Introduction
Almost 10 years have passed since Osama bin Laden orchestrated the worst terror attack on American soil. A pursuit that began under President George W. Bush was finally wrapped up under his successor, Barack Obama, who told the world Sunday night that bin Laden was killed.
The relief of Americans was palpable as hundreds descended on the White House to chant “USA! USA!” as Obama spoke. To the thousands of extremist bin Laden followers overseas, chants in the coming days will likely carry a different tenor. America’s war against the al-Qaida terror network is not over, even if its head has been stricken.
“For over two decades, bin Laden has been al-Qaida’s leader and symbol, and has continued to plot attacks against our country and our friends and allies. The death of bin Laden marks the most significant achievement to date in our nation’s effort to defeat al-Qaida,” the president said.
A look at some of the winners and losers in the last decade:
Winner: President Obama cherishes the extraordinary moment to announce the death of America’s most wanted terrorist for 10 years.
Loser: Bush, who chased bin Laden for eight long years and went home to Texas empty-handed.
Winner: Al-Qaida, which has multiplied into an international terrorism organization whose threat will hardly diminish with bin Laden’s death. Even as the U.S. counter-terrorism apparatus celebrates bin Laden’s slaying, the government will keep a wary eye for signs of retaliation in the coming months. Bin Laden, even in death, could emerge as a martyred figure to incite his followers.
Losers: Pakistan and perhaps Afghanistan, nations that the United States poured billions into and which looked the other way as bin Laden and his henchmen found safe harbor in their midst. Bin Laden and a band of loyalists were tracked down at a complex in Pakistan; he was long thought to be a fugitive hiding among friendly elements in the mountainous border of Afghanistan and Pakistan. Yet Obama took pains to say that Pakistani cooperation, in the end, helped lead U.S. forces to bin Laden.

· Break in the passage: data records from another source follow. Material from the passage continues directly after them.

(* With D e_a = \sum_k D a k e_k and [e_a, e_b] = \sum_k f a b k e_k, this is
   the (b, l) entry is the coefficient of e_l in D [e_a, e_b] = [D e_a, e_b] + [e_a, D e_b]. *)
Definition is_derivation (D : 'M[K]_s) :=
  forall a, \sum_k D a k *: strmx k = strmx a *m D - D *m strmx a.

Lemma f_antisym_r a b c : f a c b = - f a b c.
Proof. by rewrite -[LHS]f_cycle f_antisym f_cycle. Qed.

Lemma strmx_commutator a b :
  strmx a *m strmx b - strmx b *m strmx a = - \sum_k f a b k *: strmx k.
Proof.
apply/matrixP => c l; rewrite !mxE summxE -sumrN -big_split /=.
apply/eqP; rewrite -subr_eq0 opprK -big_split /=; apply/eqP.
rewrite -[RHS](f_jacobi a b c l).
apply: eq_bigr => k _; rewrite !mxE.
by rewrite (f_antisym a k l) (f_antisym a c k) (f_antisym b k l); ring.
Qed.

Lemma tr_strmxM a b : \tr (strmx a *m strmx b) = - kappa * (a == b)%:R.
Proof.
rewrite mulNr -f_killing -sumrN; apply: eq_bigr => j _; rewrite !mxE -sumrN.
by apply: eq_bigr => k _; rewrite !mxE (f_antisym_r b j k) mulrN.
Qed.

Lemma ad_mxE g : ad_mx g = \sum_k g k 0 *: strmx k.
Proof.
apply/matrixP => a b; rewrite !mxE summxE; apply: eq_bigr => k _.
by rewrite !mxE f_cycle mulrC.
Qed.

Lemma ad_mx_derivation g : is_derivation (ad_mx g).
Proof.
move=> a; rewrite ad_mxE mulmx_sumr mulmx_suml -sumrB.
under [RHS]eq_bigr do rewrite -scalemxAr -scalemxAl -scalerBr strmx_commutator.
under [LHS]eq_bigr do rewrite summxE scaler_suml.
rewrite exchange_big; apply: eq_bigr => m _.
rewrite scalerN scaler_sumr -sumrN; apply: eq_bigr => k _.
by rewrite !mxE scalerA f_antisym mulrN scaleNr.
Qed.

Lemma derivationB D E : is_derivation D -> is_derivation E -> is_derivation (D - E).
Proof.
move=> hD hE a; rewrite mulmxBr mulmxBl.
under eq_bigr do rewrite !mxE scalerBl.
by rewrite sumrB hD hE !opprD !opprK addrACA.
Qed.

Lemma tr_strmx_ad_mx g a : \tr (strmx a *m ad_mx g) = - kappa * g a 0.
Proof.
rewrite ad_mxE mulmx_sumr mxtrace_sum -(sum_delta_mull (fun k => - kappa * g k 0) a).
apply: eq_bigr => k _; rewrite -scalemxAr mxtraceZ tr_strmxM eq_sym; ring.
Qed.

Lemma derivation_eq0 D :
  is_derivation D -> (forall a, \tr (strmx a *m D) = 0) -> D = 0.
Proof.
(* -kappa D c d = \tr ((\sum_b D c b *: F_b) F_d) = \tr (D [F_d, F_c]), a combination of
   the \tr (F_j D). *)
move=> hD hD0; apply/matrixP => c d; rewrite mxE.
have nkappa : - kappa != 0 by rewrite oppr_eq0.
apply: (mulfI nkappa); rewrite mulr0.
transitivity (\tr ((\sum_b D c b *: strmx b) *m strmx d)).
  rewrite mulmx_suml mxtrace_sum -(sum_delta_mull (fun b => - kappa * D c b) d).
  by apply: eq_bigr => b _; rewrite -scalemxAl mxtraceZ tr_strmxM; ring.
rewrite hD mulmxBl mxtraceB -mulmxA mxtrace_mulC -!mulmxA -mxtraceB -mulmxBr.
rewrite -opprB strmx_commutator opprK mulmx_sumr mxtrace_sum.
by apply: big1 => j _; rewrite -scalemxAr mxtraceZ mxtrace_mulC hD0 mulr0.
Qed.

Lemma derivation_ad_coords D : is_derivation D -> D = ad_mx (ad_coords D).
Proof.
move=> hD; apply/eqP; rewrite -subr_eq0; apply/eqP/derivation_eq0.
  exact/derivationB/ad_mx_derivation.
move=> a; rewrite mulmxBr mxtraceB tr_strmx_ad_mx mxE.
by rewrite mulrA mulrNN mulfV // mul1r subrr.
Qed.

Lemma ad_coordsK g : ad_coords (ad_mx g) = g.
Proof.
apply/matrixP => a z; rewrite ord1 mxE tr_strmx_ad_mx.
by rewrite mulrA mulrNN mulVf // mul1r.
Qed.

Section OperatorVectors.
Variables (V : lmodType K) (x : 'I_s -> V).

Lemma theta_defectE (G : 'M[K]_s) a b :
  \sum_k G a k *: (\sum_l f k b l *: x l) + \sum_k G b k *: (\sum_l f a k l *: x l)
  - \sum_k f a b k *: (\sum_l G k l *: x l)
  = \sum_l (\sum_k G a k *: strmx k - (strmx a *m G - G *m strmx a)) b l *: x l.
Proof.
have sum_coef (c : 'I_s -> K) (H : 'I_s -> 'I_s -> K) :
    \sum_k c k *: (\sum_l H k l *: x l) = \sum_l (\sum_k c k * H k l) *: x l.
  under eq_bigr do rewrite scaler_sumr; rewrite exchange_big.
  by apply: eq_bigr => l _; rewrite scaler_suml; apply: eq_bigr => k _; rewrite scalerA.
rewrite !sum_coef -big_split -sumrB /=; apply: eq_bigr => l _.
rewrite -scalerDl -scalerBl; congr (_ *: _); rewrite !mxE summxE.
by rewrite opprB addrA; congr (_ + _ - _); apply: eq_bigr => k _; rewrite !mxE.
Qed.

Lemma derivation_theta_eq (G : 'M[K]_s) a b : is_derivation G ->
  \sum_k G a k *: (\sum_l f k b l *: x l) + \sum_k G b k *: (\sum_l f a k l *: x l)
  - \sum_k f a b k *: (\sum_l G k l *: x l) = 0.
Proof. by move=> hG; rewrite theta_defectE hG subrr; apply: big1 => l _; rewrite mxE scale0r. Qed.

Lemma theta_eq_derivation (G : 'M[K]_s) :
  (forall c : 'I_s -> K, \sum_l c l *: x l = 0 -> forall l, c l = 0) ->
  (forall a b, \sum_k G a k *: (\sum_l f k b l *: x l)
     + \sum_k G b k *: (\sum_l f a k l *: x l)
     - \sum_k f a b k *: (\sum_l G k l *: x l) = 0) ->
  is_derivation G.
Proof.
move=> x_indep hG a; apply/eqP; rewrite -subr_eq0; apply/eqP/matrixP => b l.
by rewrite [RHS]mxE; move: l; apply: x_indep; rewrite -theta_defectE hG.
Qed.

End OperatorVectors.

End StructureConstants.

Definition mxcomm (R : pzRingType) m (A B : 'M[R]_m) := A *m B - B *m A.

Lemma tr_mxcomm (R : comPzRingType) m (A B : 'M[R]_m) : \tr (mxcomm A B) = 0.
Proof. by rewrite mxtraceB mxtrace_mulC subrr. Qed.

Lemma oppr_mxcomm (R : pzRingType) m (A B : 'M[R]_m) : - mxcomm A B = mxcomm B A.
Proof. by rewrite /mxcomm opprB. Qed.

Lemma mxcommZl (R : comPzRingType) m (x : R) (A B : 'M[R]_m) :
  mxcomm (x *: A) B = x *: mxcomm A B.
Proof. by rewrite /mxcomm -scalemxAl -scalemxAr scalerBr. Qed.

Lemma mxcomm_suml (R : pzRingType) m I (r : seq I) (P : pred I) (F : I -> 'M[R]_m) B :
  mxcomm (\sum_(i <- r | P i) F i) B = \sum_(i <- r | P i) mxcomm (F i) B.
Proof. by rewrite /mxcomm mulmx_suml mulmx_sumr -sumrB. Qed.

Lemma tr_mxcommM (R : comPzRingType) m (A B J : 'M[R]_m) :
  \tr (mxcomm A J *m mxcomm B J)
  = \tr (A *m (J *m B *m J)) + \tr (B *m (J *m A *m J)) - \tr ((A *m B + B *m A) *m (J *m J)).
Proof.
rewrite /mxcomm mulmxBl !mulmxBr mulmxDl !mxtraceB !mxtraceD !mulmxA.
rewrite (mxtrace_rot J A J B) (mxtrace_rot A J J B) -(mxtrace_rot A B J J).
by ring.
Qed.

Lemma mxcomm_jacobi (R : pzRingType) m (A B C : 'M[R]_m) :
  mxcomm (mxcomm A B) C + mxcomm (mxcomm B C) A + mxcomm (mxcomm C A) B = 0.
Proof.
rewrite /mxcomm !mulmxBl !mulmxBr !mulmxA.
set x1 := A *m B *m C; set x2 := B *m A *m C; set x3 := C *m A *m B.
set x4 := C *m B *m A; set x5 := B *m C *m A; set x6 := A *m C *m B.
rewrite !opprB !addrA -!(addrAC _ x2) addrK -!(addrAC _ (- x4)) subrK.
rewrite -!(addrAC _ (- x1)) subrr add0r -!(addrAC _ x3) addNr add0r.
by rewrite addrK subrr.
Qed.

Section GellMannBasis.
Variables (K : fieldType) (n : nat).
Local Notation s := (sdim n).
Variable lam : 'I_s -> 'M[K]_n.
Hypothesis n_neq0 : (n%:R : K) != 0.
Hypothesis two_neq0 : (2 : K) != 0.
Hypothesis tr_lam : forall a, \tr (lam a) = 0.
Hypothesis tr_lamM : forall a b, \tr (lam a *m lam b) = 2 * (a == b)%:R.

Lemma tr_lam_sumM (c : 'I_s -> K) m : \tr ((\sum_k c k *: lam k) *m lam m) = 2 * c m.
Proof.
rewrite mulmx_suml mxtrace_sum -(sum_delta_mull (fun k => 2 * c k) m).
by apply: eq_bigr => k _; rewrite -scalemxAl mxtraceZ tr_lamM; ring.
Qed.

Lemma lam_free (c : 'I_s -> K) : \sum_k c k *: lam k = 0 -> forall m, c m = 0.
Proof.
by move=> hc m; apply: (mulfI two_neq0); rewrite mulr0 -tr_lam_sumM hc mul0mx mxtrace0.
Qed.

Lemma tr_lam_combM d (c : 'I_s -> K) m :
  \tr ((d *: 1%:M + \sum_k c k *: lam k) *m lam m) = 2 * c m.
Proof.
by rewrite mulmxDl mxtraceD -scalemxAl mul1mx mxtraceZ tr_lam mulr0 add0r tr_lam_sumM.
Qed.

Lemma tr_lam_comb d (c : 'I_s -> K) : \tr (d *: 1%:M + \sum_k c k *: lam k) = d * n%:R.
Proof.
rewrite mxtraceD mxtrace_sum mxtraceZ mxtrace1 big1 ?addr0 // => k _.
by rewrite mxtraceZ tr_lam mulr0.
Qed.

Definition lam_basis (i : 'I_s.+1) : 'M[K]_n :=
  if unlift ord0 i is Some k then lam k else 1%:M.

Lemma sum_lam_basis (c : 'I_s.+1 -> K) :
  \sum_i c i *: lam_basis i = c ord0 *: 1%:M + \sum_k c (lift ord0 k) *: lam k.
Proof.
rewrite big_ord_recl /lam_basis unlift_none; congr (_ + _).
by apply: eq_bigr => k _; rewrite liftK.
Qed.

Lemma sdimS : s.+1 = (n * n)%N.
Proof.
have n_gt0 : (0 < n)%N by rewrite lt0n; apply: contraNneq n_neq0 => ->.
by rewrite /sdim subn1 prednK ?mulnn // expn_gt0 n_gt0.
Qed.

Lemma lam_span (M : 'M[K]_n) :
  exists d (c : 'I_s -> K), M = d *: 1%:M + \sum_k c k *: lam k.
Proof.
pose X := mktuple lam_basis.
have XE (c : 'I_s.+1 -> K) :
    \sum_i c i *: X`_i = c ord0 *: 1%:M + \sum_k c (lift ord0 k) *: lam k.
  by rewrite -sum_lam_basis; apply: eq_bigr => i _; rewrite -tnth_nth tnth_mktuple.
have freeX : free X.
  apply/freeP => c; rewrite XE => c_eq0.
  have c_lift m : c (lift ord0 m) = 0.
    apply: (mulfI two_neq0); rewrite mulr0.
    by rewrite -(tr_lam_combM (c ord0) (c \o lift ord0)) c_eq0 mul0mx mxtrace0.
  have c0 : c ord0 = 0.
    apply: (mulIf n_neq0); rewrite mul0r.
    by rewrite -(tr_lam_comb (c ord0) (c \o lift ord0)) c_eq0 mxtrace0.
  by move=> i; case: (unliftP ord0 i) => [j ->|->].
have spanX : M \in <<X>>%VS.
  suff /eqP-> : (<<X>> == fullv)%VS by apply: memvf.
  by rewrite eqEdim subvf dimvf (eqP freeX) size_tuple dim_matrix sdimS /=.
exists (coord X ord0 M), (fun k => coord X (lift ord0 k) M).
by rewrite {1}(coord_span spanX) XE.
Qed.

Lemma lam_expansion (M : 'M[K]_n) :
  M = (\tr M / n%:R) *: 1%:M + \sum_k (\tr (M *m lam k) / 2) *: lam k.
Proof.
have [d [c ->]] := lam_span M.
rewrite tr_lam_comb mulfK //; congr (_ + _); apply: eq_bigr => k _.
by rewrite tr_lam_combM [2 * _]mulrC mulfK.
Qed.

Winner: The military industrial complex, which has reaped billions from the need for ever more weaponry in the wars in Afghanistan and Iraq spawned by bin Laden’s singularly horrible act of evil on Sept. 11, 2001. A decade of war has cost $1.2 trillion to date, with no end in sight.
Losers: The thousands of Americans who lost their lives, starting with 3,000 killed on 9/11 in New York and Washington. Since then, more than1,400 soldiers have been killed in Afghanistan and 4,450 in Iraq — and tens of thousands more have come home wounded.
Winner: Bob Gates, whose solid leadership of the Pentagon stands in marked contrast to his predecessor, and Leon Panetta, a congressman turned intelligence chief who stabilized a rattled and fractured counter-terror apparatus.
Loser: Donald Rumsfeld, the defense secretary who lost the opportunity to capture bin Laden in Tora Bora in the early months of the conflict, and now blames everyone but himself for miscues in the Afghan and Iraq wars.
Winner: The U.S. national security agencies, which coordinated a complicated operation acting on a tip and came away, after a firefight,with bin Laden’s corpse and no American casualties.
Loser: The American system of justice, which has forever lost the ability to put bin Laden on trial for the 9/11 murders and those of more Americans who died at al-Qaida’s hands in the African embassies. Just last week the United States gave up on the idea of civilian trials of al-Qaida suspects held at Guantanamo Bay and ordered military tribunals instead for suspects such as Khalid Shaikh Mohammed, the mastermind of 9/11 and alleged killer of journalist Daniel Pearl.